* WORK INSTRUCTION: Set down the entries exactly. No line may differ from its source.

--------------------------------------------------

Section CTLNBasics.
Variables (R : realType) (T : finType).
Implicit Types (W : T -> T -> R) (x y : T -> R) (G : rel T).

Lemma legal_paramsP (eps delta : R) : legal_params eps delta ->
  [/\ 0 < delta, 0 < eps, eps < 1 & eps * (delta + 1) < delta].
Proof.
case=> delta_gt0 [eps_gt0 eps_lt].
have : eps * (delta + 1) < delta by rewrite -ltr_pdivlMr // addr_gt0.
by split=> //; nra.
Qed.

Lemma full_fpP W theta x : full_support x ->
  is_fixed_point W theta x <-> forall v, x v = \sum_j W v j * x j + theta.
Proof.
move=> x_full; split=> [[_ xfix] v | xeq].
  move: (x_full v) (xfix v); case: (lerP 0 (\sum_j W v j * x j + theta)) => // _ x_gt0 x0.
  by rewrite x0 ltxx in x_gt0.
split=> v; first exact: ltW.
by rewrite -xeq; case: lerP => // xv_lt0; have := x_full v; rewrite ltNge ltW.
Qed.

Lemma fp_scale W t s x : 0 < s ->
  is_fixed_point W t x -> is_fixed_point W (s * t) (fun v => s * x v).
Proof.
move=> s_gt0 [x_ge0 xfix]; split=> v; first exact: mulr_ge0 (ltW s_gt0) (x_ge0 v).
rewrite xfix maxr_pMr ?ltW // mulr0 mulrDr mulr_sumr.
by congr (Num.max _ (_ + _)); apply: eq_bigr => j _; rewrite mulrCA.
Qed.

Lemma sum_IminusW W t : \sum_c IminusW W t c = 1 - \sum_c W t c.
Proof.
rewrite sumrB (bigD1 t) //= eqxx big1 ?addr0 // => c ct.
by rewrite eq_sym (negPf ct).
Qed.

--------------------------------------------------

* WRITTEN RESPONSE:
Section CTLNBasics.
Variables (R : realType) (T : finType).
Implicit Types (W : T -> T -> R) (x y : T -> R) (G : rel T).

Lemma legal_paramsP (eps delta : R) : legal_params eps delta ->
  [/\ 0 < delta, 0 < eps, eps < 1 & eps * (delta + 1) < delta].
Proof.
case=> delta_gt0 [eps_gt0 eps_lt].
have : eps * (delta + 1) < delta by rewrite -ltr_pdivlMr // addr_gt0.
by split=> //; nra.
Qed.

Lemma full_fpP W theta x : full_support x ->
  is_fixed_point W theta x <-> forall v, x v = \sum_j W v j * x j + theta.
Proof.
move=> x_full; split=> [[_ xfix] v | xeq].
  move: (x_full v) (xfix v); case: (lerP 0 (\sum_j W v j * x j + theta)) => // _ x_gt0 x0.
  by rewrite x0 ltxx in x_gt0.
split=> v; first exact: ltW.
by rewrite -xeq; case: lerP => // xv_lt0; have := x_full v; rewrite ltNge ltW.
Qed.

Lemma fp_scale W t s x : 0 < s ->
  is_fixed_point W t x -> is_fixed_point W (s * t) (fun v => s * x v).
Proof.
move=> s_gt0 [x_ge0 xfix]; split=> v; first exact: mulr_ge0 (ltW s_gt0) (x_ge0 v).
rewrite xfix maxr_pMr ?ltW // mulr0 mulrDr mulr_sumr.
by congr (Num.max _ (_ + _)); apply: eq_bigr => j _; rewrite mulrCA.
Qed.

Lemma sum_IminusW W t : \sum_c IminusW W t c = 1 - \sum_c W t c.
Proof.
rewrite sumrB (bigD1 t) //= eqxx big1 ?addr0 // => c ct.
by rewrite eq_sym (negPf ct).
Qed.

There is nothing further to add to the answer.